Go to the line holding "PI) ^ (2 * l)) (p - k)." in the entries below and write out exactly every line down to and including the line holding "(forall x, a <= x <= b -> f x".

(Beginning of EXTRACTED DATA)

(* Let $p,N\in\mathbb{N}$, $x_0<\cdots<x_N$, data $y_{n,2k}\in\mathbb{R}$ ($n=0,\dots,N$, $k=0,\dots,p$), and $\alpha\in\Theta_{2p}$. Let $\ell_\alpha$ be the Lidstone FIF and $\phi$ the classical Lidstone interpolation function for this data. Then for $k=1,\dots,p$, $$\|\ell_\alpha^{(2k)}-\phi^{(2k)}\|_\infty\le\frac{|\alpha|_\infty}{\mu^{2k}-|\alpha|_\infty}\big(\|\phi^{(2k)}\|_\infty+M_{2k,2p}\big),$$ where $\mu=\min_{1\le n\le N}a_n$ and $M_{2k,2p}=\frac{2\rho\pi}{3}\sum_{l=0}^{p-k}\big(\frac{x_N-x_0}{\pi}\big)^{2l}$.
   Context: Lidstone polynomials $\Lambda_l$: $\Lambda_0(x)=x$, $\Lambda_l''=\Lambda_{l-1}$, $\Lambda_l(0)=\Lambda_l(1)=0$ for $l\ge1$. $a_n=\frac{x_n-x_{n-1}}{x_N-x_0}$, $L_n(x)=a_nx+\frac{x_Nx_{n-1}-x_0x_n}{x_N-x_0}$. $\Theta_{2p}=\{\alpha\in\mathbb{R}^N:|\alpha_n|<a_n^{2p}\ \forall n\}$. For $\alpha\in\Theta_{2p}$, the Lidstone FIF $\ell_\alpha$ is the unique $C^{2p}[x_0,x_N]$ function satisfying $\ell_\alpha(L_n(x))=\alpha_n\ell_\alpha(x)+q_n(x)$ for $x\in[x_0,x_N]$, $n=1,\dots,N$, where $q_n(x)=\sum_{l=0}^p[(a_n^{2l}y_{n-1,2l}-\alpha_ny_{0,2l})\Lambda_l(\frac{x_N-x}{x_N-x_0})+(a_n^{2l}y_{n,2l}-\alpha_ny_{N,2l})\Lambda_l(\frac{x-x_0}{x_N-x_0})](x_N-x_0)^{2l}$; it satisfies $\ell_\alpha^{(2k)}(x_n)=y_{n,2k}$. The classical Lidstone interpolation function $\phi$ is defined on each $[x_{n-1},x_n]$, with $h_n=x_n-x_{n-1}$, by $\phi(x)=\sum_{l=0}^p\big[y_{n-1,2l}\Lambda_l(\frac{x_n-x}{h_n})+y_{n,2l}\Lambda_l(\frac{x-x_{n-1}}{h_n})\big]h_n^{2l}$ (it equals $\ell_0$). Notation: $|\alpha|_\infty=\max_n|\alpha_n|$, $\|f\|_\infty=\sup_{[x_0,x_N]}|f|$, $\rho=\max_{0\le k\le p}\max\{|y_{0,2k}|,|y_{N,2k}|\}$. *)

From Stdlib Require Import Reals Lra Lia.
Open Scope R_scope.

(* Lidstone polynomials: Lambda_0(x) = x, Lambda_l'' = Lambda_{l-1} on R,
   Lambda_l(0) = Lambda_l(1) = 0 for l >= 1.  These conditions determine the
   family uniquely. *)
Definition has_second_deriv (f g : R -> R) : Prop :=
  exists f' : R -> R, forall x,
    derivable_pt_lim f x (f' x) /\ derivable_pt_lim f' x (g x).

Definition Lidstone_family (Lam : nat -> R -> R) : Prop :=
  (forall x, Lam 0%nat x = x) /\
  (forall l : nat, has_second_deriv (Lam (S l)) (Lam l)
                   /\ Lam (S l) 0 = 0 /\ Lam (S l) 1 = 0).

(* D is the family of successive derivatives of f on [a,b], up to order m,
   with D m continuous: i.e. f is C^m[a,b] and D j = f^(j) on [a,b].
   (Values of D j outside [a,b] are irrelevant; at the endpoints this gives
   the one-sided derivatives of f restricted to [a,b].) *)
Definition deriv_family (f : R -> R) (D : nat -> R -> R) (m : nat) (a b : R)
  : Prop :=
  (forall x, a <= x <= b -> D 0%nat x = f x) /\
  (forall (j : nat) x, (j < m)%nat -> a <= x <= b ->
     derivable_pt_lim (D j) x (D (S j) x)) /\
  (forall x, a <= x <= b -> continuity_pt (D m) x).

Fixpoint max_upto (f : nat -> R) (n : nat) : R :=
  match n with
  | O => f 0%nat
  | S n' => Rmax (max_upto f n') (f (S n'))
  end.

Fixpoint min_upto (f : nat -> R) (n : nat) : R :=
  match n with
  | O => f 0%nat
  | S n' => Rmin (min_upto f n') (f (S n'))
  end.

(* Data: nodes xs 0 < ... < xs N; y n k stands for y_{n,2k}. *)

Definition a_coef (xs : nat -> R) (N n : nat) : R :=
  (xs n - xs (n - 1)%nat) / (xs N - xs 0%nat).

Definition L_map (xs : nat -> R) (N n : nat) (x : R) : R :=
  a_coef xs N n * x + (xs N * xs (n - 1)%nat - xs 0%nat * xs n) / (xs N - xs 0%nat).

Definition q_fun (Lam : nat -> R -> R) (xs : nat -> R) (y : nat -> nat -> R)
  (alpha : nat -> R) (N p n : nat) (x : R) : R :=
  sum_f_R0 (fun l =>
    ((a_coef xs N n ^ (2 * l) * y (n - 1)%nat l - alpha n * y 0%nat l)
        * Lam l ((xs N - x) / (xs N - xs 0%nat))
     + (a_coef xs N n ^ (2 * l) * y n l - alpha n * y N l)
        * Lam l ((x - xs 0%nat) / (xs N - xs 0%nat)))
    * (xs N - xs 0%nat) ^ (2 * l)) p.

(* Classical Lidstone interpolant on the piece [x_{n-1}, x_n]. *)
Definition phi_piece (Lam : nat -> R -> R) (xs : nat -> R) (y : nat -> nat -> R)
  (p n : nat) (x : R) : R :=
  let h := xs n - xs (n - 1)%nat in
  sum_f_R0 (fun l =>
    (y (n - 1)%nat l * Lam l ((xs n - x) / h)
     + y n l * Lam l ((x - xs (n - 1)%nat) / h)) * h ^ (2 * l)) p.

Definition in_Theta (xs : nat -> R) (N p : nat) (alpha : nat -> R) : Prop :=
  forall n : nat, (1 <= n <= N)%nat -> Rabs (alpha n) < a_coef xs N n ^ (2 * p).

Definition alpha_sup (N : nat) (alpha : nat -> R) : R :=
  max_upto (fun i => Rabs (alpha (S i))) (N - 1)%nat.

Definition mu_min (xs : nat -> R) (N : nat) : R :=
  min_upto (fun i => a_coef xs N (S i)) (N - 1)%nat.

Definition rho_max (y : nat -> nat -> R) (N p : nat) : R :=
  max_upto (fun k => Rmax (Rabs (y 0%nat k)) (Rabs (y N k))) p.

Definition M_const (xs : nat -> R) (y : nat -> nat -> R) (N p k : nat) : R :=
  2 * rho_max y N p * PI / 3
  * sum_f_R0 (fun l => ((xs N - xs 0%nat) / PI) ^ (2 * l)) (p - k).

(* Differentiating the functional equation ell (L_n x) = alpha_n ell x + q_n x
   2k times gives a_n^{2k} ell^{(2k)} (L_n x) = alpha_n ell^{(2k)} x + q_n^{(2k)} x,
   and q_n^{(2k)} = a_n^{2k} phi^{(2k)} o L_n - alpha_n R_k, where R_k is the
   2k-th derivative of the Lidstone interpolant of the end data on [x_0, x_N].
   At a point where E = |ell^{(2k)} - phi^{(2k)}| is maximal this yields
   mu^{2k} E <= |alpha|_inf (E + ||phi^{(2k)}|| + ||R_k||), and ||R_k|| <= M_{2k,2p}
   follows from |Lam_{j+1} t| <= sin (pi t) / (3 pi^{2j+1}), a consequence of
   the maximum principle for Lam_{j+1}'' = Lam_j. *)

From Stdlib Require Import Reals Lra Lia Psatz FunctionalExtensionality.
From Coquelicot Require Import Coquelicot.
Open Scope R_scope.

Definition second_deriv_on (a b : R) (f g : R -> R) : Prop :=
  exists f' : R -> R, forall x, a <= x <= b ->
    derivable_pt_lim f x (f' x) /\ derivable_pt_lim f' x (g x).

Lemma derivable_pt_lim_vanishing (f : R -> R) (a b x l : R) :
  a < b -> (forall t, a <= t <= b -> f t = 0) -> a <= x <= b ->
  derivable_pt_lim f x l -> l = 0.
Proof.
  intros Hab Hf Hx Hd.
  destruct (Req_dec l 0) as [|Hl]; [assumption | exfalso].
  destruct (Hd (Rabs l) (Rabs_pos_lt l Hl)) as [del Hdel].
  pose proof (cond_pos del).
  pose proof (Rmin_l (del / 2) ((b - a) / 2)). pose proof (Rmin_r (del / 2) ((b - a) / 2)).
  pose proof (Rmin_glb_lt (del / 2) ((b - a) / 2) 0 ltac:(lra) ltac:(lra)).
  set (m := Rmin (del / 2) ((b - a) / 2)) in *.
  (* Step towards the interior of [a, b]: the difference quotient there is 0. *)
  set (s := if Rle_dec x ((a + b) / 2) then m else - m).
  assert (Hs : s <> 0 /\ Rabs s < del /\ a <= x + s <= b).
  { unfold s; destruct Rle_dec.
    - rewrite Rabs_right; lra.
    - rewrite Rabs_left; lra. }
  destruct Hs as (Hs0 & Hsd & Hsx).
  specialize (Hdel s Hs0 Hsd).
  rewrite (Hf (x + s) Hsx), (Hf x Hx) in Hdel.
  replace ((0 - 0) / s - l) with (- l) in Hdel by (field; exact Hs0).
  rewrite Rabs_Ropp in Hdel. lra.
Qed.

Lemma second_deriv_on_vanishing a b f g : a < b -> second_deriv_on a b f g ->
  (forall x, a <= x <= b -> f x = 0) -> forall x, a <= x <= b -> g x = 0.
Proof.
  intros Hab [f' Hf'] Hf x Hx.
  assert (Hf'0 : forall t, a <= t <= b -> f' t = 0).
  { intros t Ht. apply (derivable_pt_lim_vanishing f a b t); auto. apply Hf'; auto. }
  apply (derivable_pt_lim_vanishing f' a b x); auto. apply Hf'; auto.
Qed.

Lemma second_deriv_on_chain_vanishing a b (F : nat -> R -> R) K : a < b ->
  (forall x, a <= x <= b -> F 0%nat x = 0) ->
  (forall i, (i < K)%nat -> second_deriv_on a b (F i) (F (S i))) ->
  forall i, (i <= K)%nat -> forall x, a <= x <= b -> F i x = 0.
Proof.
  intros Hab H0 Hs i. induction i as [|i IH]; intros Hi; auto.
  apply (second_deriv_on_vanishing a b (F i) (F (S i)) Hab); [apply Hs | apply IH]; lia.
Qed.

(End of EXTRACTED DATA)

■ **RESPONSE TO THIS TASK**:
  * sum_f_R0 (fun l => ((xs N - xs 0%nat) / PI) ^ (2 * l)) (p - k).

(* Differentiating the functional equation ell (L_n x) = alpha_n ell x + q_n x
   2k times gives a_n^{2k} ell^{(2k)} (L_n x) = alpha_n ell^{(2k)} x + q_n^{(2k)} x,
   and q_n^{(2k)} = a_n^{2k} phi^{(2k)} o L_n - alpha_n R_k, where R_k is the
   2k-th derivative of the Lidstone interpolant of the end data on [x_0, x_N].
   At a point where E = |ell^{(2k)} - phi^{(2k)}| is maximal this yields
   mu^{2k} E <= |alpha|_inf (E + ||phi^{(2k)}|| + ||R_k||), and ||R_k|| <= M_{2k,2p}
   follows from |Lam_{j+1} t| <= sin (pi t) / (3 pi^{2j+1}), a consequence of
   the maximum principle for Lam_{j+1}'' = Lam_j. *)

From Stdlib Require Import Reals Lra Lia Psatz FunctionalExtensionality.
From Coquelicot Require Import Coquelicot.
Open Scope R_scope.

Definition second_deriv_on (a b : R) (f g : R -> R) : Prop :=
  exists f' : R -> R, forall x, a <= x <= b ->
    derivable_pt_lim f x (f' x) /\ derivable_pt_lim f' x (g x).

Lemma derivable_pt_lim_vanishing (f : R -> R) (a b x l : R) :
  a < b -> (forall t, a <= t <= b -> f t = 0) -> a <= x <= b ->
  derivable_pt_lim f x l -> l = 0.
Proof.
  intros Hab Hf Hx Hd.
  destruct (Req_dec l 0) as [|Hl]; [assumption | exfalso].
  destruct (Hd (Rabs l) (Rabs_pos_lt l Hl)) as [del Hdel].
  pose proof (cond_pos del).
  pose proof (Rmin_l (del / 2) ((b - a) / 2)). pose proof (Rmin_r (del / 2) ((b - a) / 2)).
  pose proof (Rmin_glb_lt (del / 2) ((b - a) / 2) 0 ltac:(lra) ltac:(lra)).
  set (m := Rmin (del / 2) ((b - a) / 2)) in *.
  (* Step towards the interior of [a, b]: the difference quotient there is 0. *)
  set (s := if Rle_dec x ((a + b) / 2) then m else - m).
  assert (Hs : s <> 0 /\ Rabs s < del /\ a <= x + s <= b).
  { unfold s; destruct Rle_dec.
    - rewrite Rabs_right; lra.
    - rewrite Rabs_left; lra. }
  destruct Hs as (Hs0 & Hsd & Hsx).
  specialize (Hdel s Hs0 Hsd).
  rewrite (Hf (x + s) Hsx), (Hf x Hx) in Hdel.
  replace ((0 - 0) / s - l) with (- l) in Hdel by (field; exact Hs0).
  rewrite Rabs_Ropp in Hdel. lra.
Qed.

Lemma second_deriv_on_vanishing a b f g : a < b -> second_deriv_on a b f g ->
  (forall x, a <= x <= b -> f x = 0) -> forall x, a <= x <= b -> g x = 0.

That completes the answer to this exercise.